A proposta deste trabalhou girou em torno da discussão e entendimento do processo de turistificação que está ocorrendo no Rio da Prata. A análise da iniciativa ‘Café na Roça’ foi então utilizada para dar conta desta questão. Através de levantamento bibliográfico e documental foi possível apresentar um delineamento histórico sobre o passado agrícola da denominada Zona Oeste e a inserção desta região no processo de urbanização da cidade. Neste contexto, ainda no confronto entre os remanescentes de uma cultura rural, uma UC foi implementada, resultando em processos de reenquadramento social por parte dos agricultores. Os desdobramentos se direcionam ainda para a reorientação do olhar rural para o ambiental e no recente incentivo às atividades turísticas no contexto do planejamento do uso público do parque. Neste cenário, observa-se a produção de elementos revalorizados e ressignificados, tendo os recursos naturais e as práticas ‘tradicionais’ a eles associados.

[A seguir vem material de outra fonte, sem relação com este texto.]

Lemma rank_of_degenerate e k : irreflexive e -> degenerate e k ->
  exists r : V -> nat, forall x, #|fwd e r x| <= k.
Proof.
move=> irr_e [s [perm_s ok_s]]; exists (index^~ s) => x.
have mem_s y : y \in s by rewrite (perm_mem perm_s) mem_enum.
have def_s : s = take (index x s) s ++ x :: drop (index x s).+1 s.
  by rewrite -drop_index ?cat_take_drop.
apply: leq_trans (deletion_okP _ _ _ ok_s _ _ _ def_s).
rewrite -size_filter; apply: leq_trans (card_size _).
apply/subset_leq_card/subsetP => y; rewrite inE mem_filter leEnat => /andP[exy le_xy].
rewrite exy /=.
have : y \in drop (index x s) s.
  by move: (mem_s y); rewrite -{1}(cat_take_drop (index x s) s) mem_cat =>
    /orP[/index_ltn|//]; rewrite ltnNge le_xy.
rewrite drop_index // inE => /orP[/eqP eq_yx|//].
by move: exy; rewrite eq_yx irr_e.
Qed.

End Degeneracy.

Lemma card_le_inj_in (A B : finType) (S : {set A}) (S' : {set B}) (f : A -> B) :
  {in S &, injective f} -> {in S, forall a, f a \in S'} -> #|S| <= #|S'|.
Proof.
move=> inj_f f_S; rewrite -(card_in_imset inj_f); apply: subset_leq_card.
by apply/subsetP => _ /imsetP[a aS ->]; apply: f_S.
Qed.

Section QsumAdjacency.
Variables (T U : finType) (eG : rel T) (eH : rel U).
Implicit Types (x y : T) (f : Edge eG) (u v : U).

Lemma Qsum_vertex_vertex x y u v :
  Qsum eG eH (inl x, u) (inl y, v) = (x == y) && eH u v.
Proof. by rewrite /Qsum /= andbF orbF andbT. Qed.

Lemma Qsum_vertex_edge x f u v :
  Qsum eG eH (inl x, u) (inr f, v) = (u == v) && (x \in val f).
Proof. by []. Qed.

Lemma Qsum_edge_vertex f y u v :
  Qsum eG eH (inr f, u) (inl y, v) = (u == v) && (y \in val f).
Proof. by []. Qed.

Lemma Qsum_edge_edge f (f' : Edge eG) u v :
  Qsum eG eH (inr f, u) (inr f', v) = [&& u == v, f != f' & val f :&: val f' != set0].
Proof. by rewrite /Qsum /= andbF. Qed.

End QsumAdjacency.

Section QsumRank.
Variables (T U : finType) (eG : rel T) (eH : rel U).
Hypothesis symG : symmetric eG.
Variables (g : T -> nat) (h : U -> nat) (m l d : nat).
Hypothesis fwd_g : forall x, #|fwd eG g x| <= m.
Hypothesis fwd_h : forall u, #|fwd eH h u| <= l.
Hypothesis deg_d : forall x, #|[set y | eG x y]| <= d.
Hypothesis m_le_d : m <= d.
Hypothesis g_rise_m_lt_d : forall x y, g x < g y -> m < d.
Implicit Types (x y : T) (f : Edge eG) (u v : U) (w : QV eG * U).

Lemma edge_orient (f : Edge eG) :
  exists p : T * T, [&& eG p.1 p.2, val f == [set p.1; p.2] & g p.1 <= g p.2].
Proof.
case: f => _ /= /existsP[x /existsP[y /andP[exy /eqP ->]]].
case: (leqP (g x) (g y)) => [le_xy | /ltnW lt_yx].
- by exists (x, y); rewrite /= exy eqxx.
- by exists (y, x); rewrite /= symG exy setUC eqxx.
Qed.

Definition lo (f : Edge eG) : T := (xchoose (edge_orient f)).1.
Definition hi (f : Edge eG) : T := (xchoose (edge_orient f)).2.

Lemma edge_loP (f : Edge eG) :
  [/\ eG (lo f) (hi f), val f = [set lo f; hi f] & g (lo f) <= g (hi f)].
Proof.
have := xchooseP (edge_orient f); rewrite /lo /hi.
by move: (xchoose _) => p /and3P[e_p /eqP def_f le_p].
Qed.

Definition other (x : T) (f : Edge eG) : T := if lo f == x then hi f else lo f.

Lemma otherP x f : x \in val f -> eG x (other x f) /\ val f = [set x; other x f].
Proof.
have [e_lh -> _] := edge_loP f; rewrite /other.
case: ifP => [/eqP <- _ | /eqP ne_lx]; first by split.
rewrite !inE => /orP[/eqP eq_xl | /eqP ->]; first by case: ne_lx.
by rewrite symG setUC.
Qed.

Lemma other_inj x : {in [pred f : Edge eG | x \in val f] &, injective (other x)}.
Proof.
move=> f f' /otherP[_ def_f] /otherP[_ def_f'] eq_other.
by apply: val_inj; rewrite def_f def_f' eq_other.
Qed.

Lemma lo_le_other x f : g (lo f) <= g (other x f).
Proof. by rewrite /other; case: eqP => // _; have [] := edge_loP f. Qed.

Definition key w : nat *l nat :=
  match w.1 with
  | inl x => ((g x).*2, h w.2)
  | inr f => ((g (lo f)).*2.+1, 0)
  end.

Lemma key_vertex_edge x f u v :
  (key (inl x, u) <= key (inr f, v))%O -> g x <= g (lo f).
Proof. by rewrite lexi_pair !leEnat leq_Sdouble => /andP[]. Qed.

Lemma key_edge_vertex f y u v :
  (key (inr f, u) <= key (inl y, v))%O -> g (lo f) < g y.
Proof. by rewrite lexi_pair !leEnat ltn_double => /andP[]. Qed.

Lemma key_edge_edge f (f2 : Edge eG) u v :
  (key (inr f, u) <= key (inr f2, v))%O -> g (lo f) <= g (lo f2).
Proof. by rewrite lexi_pair !leEnat ltnS leq_double => /andP[]. Qed.

Lemma key_vertex_vertex x u v :
  (key (inl x, u) <= key (inl x, v))%O -> h u <= h v.
Proof. by rewrite lexi_pair !leEnat leqnn. Qed.

Local Notation N w := (fwd (Qsum eG eH) key w).

Definition verts : {set QV eG * U} := [set w | is_vert w.1].

Definition edges_at x : {set QV eG * U} :=
  [set w : QV eG * U | if w.1 is inr f then x \in val f else false].

Lemma edges_at_edge x f u : ((inr f, u) \in edges_at x) = (x \in val f).
Proof. by rewrite inE. Qed.

Definition across x w : T := if w.1 is inr f then other x f else x.

Lemma fwd_vertex_vertexP x u w :
  w \in N (inl x, u) :&: verts -> exists2 v, w = (inl x, v) & v \in fwd eH h u.
Proof.
case: w => -[y|f] v; rewrite !inE ?andbF //= Qsum_vertex_vertex andbT.
case/andP=> /andP[/eqP <- e_uv] le_key; exists v => //.
by rewrite in_fwd e_uv leEnat (key_vertex_vertex le_key).
Qed.

Lemma fwd_vertex_edgeP x u w :
  w \in N (inl x, u) :\: verts ->
  exists2 f, w = (inr f, u) & (x \in val f) && (g x <= g (lo f)).
Proof.
case: w => -[y|f] v; rewrite !inE //= Qsum_vertex_edge.
case/andP=> /andP[/eqP <- x_f] le_key; exists f => //.
by rewrite x_f (key_vertex_edge le_key).
Qed.

Lemma fwd_edge_vertexP f u w :
  w \in N (inr f, u) :&: verts -> w = (inl (hi f), u) /\ g (lo f) < g (hi f).
Proof.
case: w => -[y|f'] v; rewrite !inE ?andbF //= Qsum_edge_vertex andbT.
case/andP=> /andP[/eqP <- y_f] /key_edge_vertex lt_lo_y.
have [_ def_f _] := edge_loP f; move: y_f; rewrite def_f !inE.
by case/orP=> /eqP eq_y; rewrite eq_y ?ltnn in lt_lo_y *.
Qed.

Lemma fwd_edge_edgeP f u w :
  w \in N (inr f, u) :\: verts ->
  exists2 f', w = (inr f', u) &
    [&& f != f', val f :&: val f' != set0 & g (lo f) <= g (lo f')].
Proof.
case: w => -[y|f'] v; rewrite !inE //= Qsum_edge_edge.
case/andP=> /and3P[/eqP <- ne_f meet_f] le_key; exists f' => //.
by rewrite ne_f meet_f (key_edge_edge le_key).
Qed.

Lemma card_fwd_vertex_vertices x u : #|N (inl x, u) :&: verts| <= l.
Proof.
apply: leq_trans (fwd_h u); apply: (card_le_inj_in (f := snd)) => [w w' | w].
- by case/fwd_vertex_vertexP=> v -> _ /fwd_vertex_vertexP[v' -> _] /= ->.
- by case/fwd_vertex_vertexP=> v -> .
Qed.

Lemma card_fwd_vertex_edges x u : #|N (inl x, u) :\: verts| <= m.
Proof.
apply: leq_trans (fwd_g x); apply: (card_le_inj_in (f := across x)) => [w w' | w].
- case/fwd_vertex_edgeP=> f -> /andP[x_f _] /fwd_vertex_edgeP[f' -> /andP[x_f' _]].
  by move=> /= /(other_inj x_f x_f') ->.
- case/fwd_vertex_edgeP=> f -> /andP[x_f le_x]; have [e_x _] := otherP x_f.
  by rewrite in_fwd e_x leEnat (leq_trans le_x (lo_le_other x f)).
Qed.

Lemma card_fwd_vertex x u : #|N (inl x, u)| <= m + l.
Proof.
rewrite -(cardsID verts) addnC.
by rewrite leq_add ?card_fwd_vertex_edges ?card_fwd_vertex_vertices.
Qed.

Lemma card_fwd_edge_vertices f u :
  #|N (inr f, u) :&: verts| <= (g (lo f) < g (hi f)).
Proof.
have [lt_lh | ge_lh] := ltnP (g (lo f)) (g (hi f)).
- apply: leq_trans (_ : _ <= #|[set (inl (hi f), u)]|) _; last by rewrite cards1.
  by apply/subset_leq_card/subsetP => w /fwd_edge_vertexP[-> _]; rewrite inE.
- rewrite leqn0 cards_eq0; apply: contraTT ge_lh.
  by case/set0Pn=> w /fwd_edge_vertexP[_]; rewrite -ltnNge.
Qed.

Lemma card_fwd_edge_edges_lo f u : #|(N (inr f, u) :\: verts) :&: edges_at (lo f)| < m.
Proof.
have [e_lh def_f le_lh] := edge_loP f.
have hi_fwd : hi f \in fwd eG g (lo f) by rewrite in_fwd e_lh leEnat.
apply: leq_trans (fwd_g (lo f)); rewrite (cardsD1 (hi f)) hi_fwd add1n ltnS.
apply: (card_le_inj_in (f := across (lo f))) => [w w' | w].
- case/setIP=> /fwd_edge_edgeP[f1 -> _]; rewrite edges_at_edge => lo_f1.
  case/setIP=> /fwd_edge_edgeP[f2 -> _]; rewrite edges_at_edge => lo_f2.
  by move=> /= /(other_inj lo_f1 lo_f2) ->.
- case/setIP=> /fwd_edge_edgeP[f1 -> /and3P[ne_f _ le_lo]].
  rewrite edges_at_edge => lo_f1 /=.
  have [e_lo def_f1] := otherP lo_f1.
  rewrite in_setD1 in_fwd e_lo leEnat (leq_trans le_lo (lo_le_other _ _)) !andbT /=.
  apply: contraNneq ne_f => eq_hi; apply/eqP/val_inj.
  by rewrite def_f def_f1 -eq_hi.
Qed.

Lemma card_fwd_edge_edges_hi f u : #|N (inr f, u) :\: verts :\: edges_at (lo f)| < d.
Proof.
have [e_lh def_f _] := edge_loP f.
have hi_meet w : w \in N (inr f, u) :\: verts :\: edges_at (lo f) ->
    exists2 f1, w = (inr f1, u) & (hi f \in val f1) && (lo f \notin val f1).
  rewrite in_setD => /andP[lo_w /fwd_edge_edgeP[f1 def_w /and3P[_ /set0Pn[z z_ff1] _]]].
  move: lo_w; rewrite def_w edges_at_edge => lo_f1; exists f1 => //.
  move: z_ff1; rewrite in_setI def_f !inE => /andP[/orP[] /eqP -> z_f1].
  - by rewrite z_f1 in lo_f1.
  - by rewrite z_f1 lo_f1.
apply: leq_trans (deg_d (hi f)); rewrite (cardsD1 (lo f)) inE symG e_lh add1n ltnS.
apply: (card_le_inj_in (f := across (hi f))) => [w w' | w].
- case/hi_meet=> f1 -> /andP[hi_f1 _] /hi_meet[f2 -> /andP[hi_f2 _]].
  by move=> /= /(other_inj hi_f1 hi_f2) ->.
- case/hi_meet=> f1 -> /andP[hi_f1 lo_f1] /=; have [e_hi def_f1] := otherP hi_f1.
  rewrite in_setD1 inE e_hi andbT; apply: contraNneq lo_f1 => <-.
  by rewrite def_f1 !inE eqxx orbT.
Qed.

Lemma card_fwd_edge f u : #|N (inr f, u)| <= 2 * d - 2.
Proof.
rewrite -(cardsID verts) -(cardsID (edges_at (lo f)) (_ :\: verts)).
move: (card_fwd_edge_vertices f u).
move: (card_fwd_edge_edges_lo f u) (card_fwd_edge_edges_hi f u).
set A := #|N (inr f, u) :&: verts|.
set B := #|(N (inr f, u) :\: verts) :&: edges_at (lo f)|.
set C := #|N (inr f, u) :\: verts :\: edges_at (lo f)|.
move: m_le_d; case: (ltnP (g (lo f)) (g (hi f))) => [/g_rise_m_lt_d | _] /=; lia.
Qed.

Lemma Qsum_degenerate_of_ranks :
  degenerate (Qsum eG eH) (maxn (2 * d - 2) (m + l)).
Proof.
apply: (degenerate_of_rank (r := key)) => -[[x | f] u].
- exact: leq_trans (card_fwd_vertex x u) (leq_maxr _ _).
- exact: leq_trans (card_fwd_edge f u) (leq_maxl _ _).
Qed.

End QsumRank.

Theorem theorem3 (T U : finType) (eG : rel T) (eH : rel U) (k l : nat) :
  simple_graph eG -> simple_graph eH ->
  degenerate eG k -> 1 < max_deg eG -> degenerate eH l ->
  degenerate (Qsum eG eH) (maxn (2 * max_deg eG - 2) (k + l)).
Proof.
move=> [symG irrG] [_ irrH] dG _ dH.
have [h fwd_h] := rank_of_degenerate irrH dH.
have deg_G x : #|[set y | eG x y]| <= max_deg eG := leq_bigmax (F := deg eG) x.
have [lt_kD | ge_kD] := ltnP k (max_deg eG).
- have [g fwd_g] := rank_of_degenerate irrG dG.
  exact: (Qsum_degenerate_of_ranks symG fwd_g fwd_h deg_G (ltnW lt_kD)
            (fun _ _ _ => lt_kD)).
- have fwd_0 x : #|fwd eG (fun=> 0) x| <= max_deg eG.
    apply: leq_trans (deg_G x); apply/subset_leq_card/subsetP => y.
    by rewrite !inE andbT.
  apply: degenerate_le (Qsum_degenerate_of_ranks symG fwd_0 fwd_h deg_G _ _) => //.
  by rewrite geq_max leq_maxl (leq_trans _ (leq_maxr _ _)) // leq_add2r.
Qed.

Da teoria dos sítios simbólicos de pertencimento, facultou a conclusão de que é a memória ali acionada que impulsiona o fluxo de visitação atual do local. Considerando que o trabalho não teve a intenção de responder ou definir que tipo de turismo ali ocorre e sim, demonstrar as nuances que se apresentam nos atuais processos de turistificação quer seja esse induzido ou espontâneo; destaca-se que qualquer que seja a denominação ou rótulo de segmentação turística que venha ser empregada em futuros planejamentos turísticos para o local, deve-se considerar que é a memória do que ficou na representação social como rural que compõe a atratividade local. Desta forma, a reinvenção do rural que no nomeia o presente trabalho nada mais é do que a elaboração de uma memória voltada para a divulgação de uma identidade que se reconstrói no presente pelo e para o turismo que faculta experiências pautadas na diversidade social e cultural e alimenta trocas de bens culturais materiais e simbólicos.